Одновременно стало ясно, что в массовом сознании распространено традиционное изображение событий с осторожным и запоздалым обновлением данных. Куликовская битва представлялась как одно из величайших событий российской истории, первый шаг к освобождению русских земель от ордынской зависимости. Представляется, что в сражении участвовали большие массы людей с обеих сторон, которые понесли значительные потери. Однако количество войск и потерь постоянно подвергалось сомнению и корректировалось в сторону уменьшения. Из «Сказания о Мамаевом побоище» принимались эпизоды о благословении Сергия Радонежского, о поединке Пересвета с Челубеем перед сражением и об атаке засадного полка. Эта версия битвы представлена в основной массе учебников, энциклопедий и юбилейных изданий.

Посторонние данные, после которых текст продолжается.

(* Let $n,m,D$ be integers such that $n^2 \ge m \ge n \ge 4$ and $n/\sqrt{m} > D \ge 3$. There exists a family $\mathcal{G}$ of $n$-vertex directed graphs with diameter $D$ and $\Theta(m)$ edges such that any data structure for graphs in $\mathcal{G}$ that decides, for a queried edge $e$, whether the fault-tolerant diameter $\mathrm{diam}(G-e)$ remains at $D$ or increases to $(3D-1)/2$ for odd $D$ (respectively to $(3D/2)-1$ for even $D$) requires $\Omega(m)$ bits of space.
   Context: Graphs are unweighted. $G-e$ is $G$ with edge $e$ removed and $\mathrm{diam}(H)=\max_{s,t} d_H(s,t)$, the maximum shortest-path distance over ordered vertex pairs ($+\infty$ if $H$ is not strongly connected). *)

From mathcomp Require Import all_boot.
Set Implicit Arguments. Unset Strict Implicit. Unset Printing Implicit Defensive.

Definition digraph (n : nat) := {set ('I_n * 'I_n)}.

Definition loopless n (E : digraph n) : Prop := forall v, (v, v) \notin E.

Definition arc n (E : digraph n) : rel 'I_n := fun x y => (x, y) \in E.

Definition dist_le n (E : digraph n) (s t : 'I_n) (k : nat) : Prop :=
  exists p : seq 'I_n, [/\ path (arc E) s p, last s p = t & size p <= k].

Definition is_diam n (E : digraph n) (d : nat) : Prop :=
  (forall s t, dist_le E s t d) /\
  (d = 0 \/ exists s t, ~ dist_le E s t d.-1).

Definition inc_diam (D : nat) : nat :=
  if odd D then (3 * D - 1)./2 else (3 * D)./2 - 1.

From Pilot Require Import Defs.
From mathcomp Require Import all_boot zify.
Set Implicit Arguments. Unset Strict Implicit. Unset Printing Implicit Defensive.

(* Write D = la + lb + 1 with la = (D - 1) / 2.  The hard graphs consist of P
   paths A_i = Av i 0 -> ... -> Av i la, Q paths B_j = Bv j 0 -> ... -> Bv j lb,
   a hub path Cv 1 -> ... -> Cv lb.+1 whose vertices all return to Cv 1, and
   padding vertices attached to Cv 1.  Every end Av i la has an arc to every
   start Bv j 0, and a bit table adds the shortcut Av i la.-1 -> Bv j 0 exactly
   when bit i j holds.  Every vertex reaches Cv 1 and is reached from it quickly
   enough that the diameter is D, attained from Av 0 0 to Cv lb.+1.  Deleting
   the arc Av i la -> Bv j 0 keeps the diameter D if the shortcut is present;
   otherwise Av i 0 can only reach Bv j lb through the hub, at distance D + la,
   the increased diameter.  Hence a fault-tolerant diameter oracle determines
   the P * Q bits of the table, and P, Q are chosen with P * Q = Theta(m) so
   that the graphs fit in n vertices and have Theta(m) arcs. *)

Section Walks.
Variables (T : Type) (e : rel T).

(* For [e := Defs.arc E] this unfolds to [dist_le E]. *)
Definition walk_le (s t : T) (k : nat) : Prop :=
  exists p : seq T, [/\ path e s p, last s p = t & size p <= k].

Lemma walk_le0 s : walk_le s s 0.
Proof. by exists [::]. Qed.

Lemma walk_le1 s t : e s t -> walk_le s t 1.
Proof. by move=> st; exists [:: t]; rewrite /= st. Qed.

Lemma walk_le_cat s u t a b : walk_le s u a -> walk_le u t b -> walk_le s t (a + b).
Proof.
move=> [p [sp <- lep]] [q [uq <- leq]]; exists (p ++ q).
by rewrite cat_path last_cat sp uq size_cat leq_add.
Qed.

Lemma walk_le_leq s t a b : a <= b -> walk_le s t a -> walk_le s t b.
Proof. by move=> ab [p [sp pt lep]]; exists p; split=> //; apply: leq_trans ab. Qed.

Lemma walk_le_trans s u t a b c :
  walk_le s u a -> walk_le u t b -> a + b <= c -> walk_le s t c.
Proof. by move=> su ut abc; apply: walk_le_leq abc (walk_le_cat su ut). Qed.

Lemma walk_le_chain (g : nat -> T) a k :
  (forall x, x < k -> e (g (a + x)) (g (a + x).+1)) -> walk_le (g a) (g (a + k)) k.
Proof.
elim: k => [|k IH] chain; first by rewrite addn0; apply: walk_le0.
rewrite -addn1; apply: walk_le_cat (IH _) _ => [x xk|]; first by apply: chain; lia.
by rewrite addnA addn1; apply/walk_le1/chain.
Qed.

Lemma walk_le_potential (pot : T -> nat) s t k :
  (forall x y, e x y -> pot y <= (pot x).+1) -> walk_le s t k -> pot t <= pot s + k.
Proof.
move=> pot_arc [p [sp <-]]; elim: p s sp k => [|x p IH] s /=; first by move=> *; apply: leq_addr.
move=> /andP[sx xp] [|k] //= lep.
by apply: leq_trans (IH _ xp k lep) _; rewrite addnS -addSn leq_add2r pot_arc.
Qed.

End Walks.

Lemma walk_le_homo (T U : Type) (e : rel T) (e' : rel U) (f : T -> U) s t k :
  {homo f : x y / e x y >-> e' x y} -> walk_le e s t k -> walk_le e' (f s) (f t) k.
Proof.
move=> hf [p [sp <- lep]]; exists (map f p).
by rewrite (homo_path hf sp) last_map size_map.
Qed.

Inductive vtx := Av of nat & nat | Bv of nat & nat | Cv of nat | Pad of nat.

Section Gadget.
Variables (n D P Q : nat) (bit : nat -> nat -> bool).
Hypothesis D_ge3 : 3 <= D.

Definition la := D.-1./2.
Definition lb := D.-1 - la.

Lemma la_lb : [/\ 0 < la, la <= lb, lb <= la.+1 & la + lb = D.-1].
Proof. rewrite /lb /la -divn2; split; lia. Qed.

Lemma inc_diamE : inc_diam D = D + la.
Proof. by rewrite /inc_diam /la -!divn2; case: ifP => odd_D; have := modn2 D; rewrite odd_D; lia. Qed.

Definition varc (cut : option (nat * nat)) (k k' : vtx) : bool :=
  match k, k' with
  | Av i d, Av i' d' => (i' == i) && (d' == d.+1)
  | Av i d, Cv x => (d == la) && (x == 1)
  | Av i d, Bv j y => (y == 0) && ((d == la) && (cut != Some (i, j)) || (d == la.-1) && bit i j)
  | Bv j y, Bv j' y' => (j' == j) && (y' == y.+1)
  | Bv _ _, Cv x => x == 1
  | Cv x, Cv x' => (x' == x.+1) || (x' == 1) && (1 < x)
  | Cv x, Bv j y => (x == la) && (y == 0)
  | Cv x, Av i d => x == maxn 1 d
  | Cv x, Pad _ => x == 1
  | Pad _, Cv x => x == 1
  | _, _ => false
  end.

Definition nA := P * la.+1.
Definition nB := Q * lb.+1.
Definition nused := nA + nB + lb.+1.

Definition valid (k : vtx) : bool :=
  match k with
  | Av i d => (i < P) && (d <= la)
  | Bv j y => (j < Q) && (y <= lb)
  | Cv x => 0 < x <= lb.+1
  | Pad u => nused <= u < n.+1
  end.

Definition gadget_rel cut k k' := [&& valid k, varc cut k k' & valid k'].

Local Notation vwalk cut := (walk_le (gadget_rel cut)).

Lemma walk_Av cut i d t : i < P -> d + t <= la -> vwalk cut (Av i d) (Av i (d + t)) t.
Proof. by move=> iP dt; apply: walk_le_chain => x xt; rewrite /gadget_rel /= iP !eqxx; lia. Qed.

Lemma walk_Bv cut j y t : j < Q -> y + t <= lb -> vwalk cut (Bv j y) (Bv j (y + t)) t.
Proof. by move=> jQ yt; apply: walk_le_chain => x xt; rewrite /gadget_rel /= jQ !eqxx; lia. Qed.

Lemma walk_Cv cut x t : 0 < x -> x + t <= lb.+1 -> vwalk cut (Cv x) (Cv (x + t)) t.
Proof. by move=> x_gt0 xt; apply: walk_le_chain => z zt; rewrite /gadget_rel /= eqxx; lia. Qed.

Definition to_hub (k : vtx) : nat :=
  match k with Av _ d => la - d + 1 | Cv 1 => 0 | _ => 1 end.

Definition from_hub (k : vtx) : nat :=
  match k with Av _ d => maxn 1 d | Bv _ y => la + y | Cv x => x.-1 | Pad _ => 1 end.

Lemma walk_to_hub cut k : valid k -> vwalk cut k (Cv 1) (to_hub k).
Proof.
have [la_gt0 la_le_lb _ _] := la_lb.
case: k => [i d|j y|[|[|x]]|u] //= vk; last 3 first.
- exact: walk_le0.
all: try by apply: walk_le1; move: vk; rewrite /gadget_rel /=; lia.
case/andP: vk => iP d_le; have := walk_Av cut iP (_ : d + (la - d) <= la).
rewrite subnKC // => /(_ (leqnn _)) walkA; apply: walk_le_cat walkA (walk_le1 _).
by rewrite /gadget_rel /= iP !eqxx; lia.
Qed.

Lemma walk_from_hub cut k : valid k -> vwalk cut (Cv 1) k (from_hub k).
Proof.
have [la_gt0 la_le_lb _ _] := la_lb.
have walkC x : 0 < x <= lb.+1 -> vwalk cut (Cv 1) (Cv x) x.-1.
  by case/andP=> x_gt0 x_le; have := walk_Cv cut (isT : 0 < 1) (_ : 1 + x.-1 <= lb.+1);
    rewrite add1n prednK //; apply; lia.
case: k => [i d|j y|x|u] /= vk; last 2 first.
- exact: walkC.
- by apply: walk_le1; move: vk; rewrite /gadget_rel /=; lia.
- case/andP: vk => iP d_le; case: (leqP d 1) => d_small.
    by apply: walk_le1; rewrite /gadget_rel /= iP; lia.
  apply: walk_le_trans (walkC d _) (walk_le1 _) _; try lia.
  by rewrite /gadget_rel /= iP; lia.
- case/andP: vk => jQ y_le.
  apply: walk_le_trans (walkC la _) (walk_le_cat (walk_le1 _) (walk_Bv cut jQ (_ : 0 + y <= lb))) _ => //.
  + lia.
  + by rewrite /gadget_rel /= jQ !eqxx; lia.
  + lia.
Qed.

Lemma walk_via_hub cut k k' c :
  valid k -> valid k' -> to_hub k + from_hub k' <= c -> vwalk cut k k' c.
Proof. by move=> vk vk'; apply: walk_le_trans (walk_to_hub cut vk) (walk_from_hub cut vk'). Qed.

Lemma walk_Av_Bv cut i j d y : valid (Av i d) -> valid (Bv j y) -> cut != Some (i, j) ->
  vwalk cut (Av i d) (Bv j y) (la - d + 1 + y).
Proof.
move=> /andP[iP d_le] /andP[jQ y_le] uncut.
have := walk_Av cut iP (_ : d + (la - d) <= la); rewrite subnKC // => /(_ (leqnn _)) walkA.
have walkB := walk_Bv cut jQ (_ : 0 + y <= lb).
apply: walk_le_cat (walk_le_cat walkA (walk_le1 _)) (walkB _) => //.
by rewrite /gadget_rel /= iP jQ uncut !eqxx leqnn.
Qed.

В 1980 г. в Третьяковской галерее прошла юбилейная выставка «600 лет Куликовской битвы». На ней были представлены картины, скульптуры, мозаики, гравюры и рисунки, как хорошо известные, так и вновь созданные[1440]. Эта выставка позволила увидеть, насколько штампованные образы укрепились в сознании наших современников.
Так, художник Илья Глазунов создал серию картин, объединенных темой Куликовской битвы. Идеальные, слегка иконописные образы его героев были не способны передать все напряжение и суть происходивших событий. Московский художник Юрий Михайлович Ракша (1937–1980) посвятил Куликовской битве триптих «Куликово поле», созданный для юбилейной выставки «600 лет Куликовской битвы». Давая ему характеристику, он подчеркивал: «Эта работа для меня самая главная и самая современная. Вот уже несколько лет я живу во власти Куликова поля, и время битвы приблизилось настолько… что я стал ощущать себя среди тех, кто вышел тогда на битву. А рядом с собой будто увидел своих ровесников, своих сегодняшних сограждан». Однако работу Ю. Ракши нельзя считать удачной. Скорее это такой же кич, как и картины И. Глазунова. Ходульность образов, искусственность поз не могли быть заменены мастерством отделки. Так же безжизненны и статичны образы воинов на картине Н. С. Присекина «Куликовская битва». Несколько большей живописью отличается картон Константина Васильева «Поединок Пересвета и Челубея», хотя эта работа была написана не к юбилейным торжествам, а в 1974 г. Однако примечательно, что в ней более живым персонажем представлен именно Челубей[1441]. Традиции более теплого и одухотворенного восприятия героев мы встречаем на картинах В. П. Криворучко (1919–1994).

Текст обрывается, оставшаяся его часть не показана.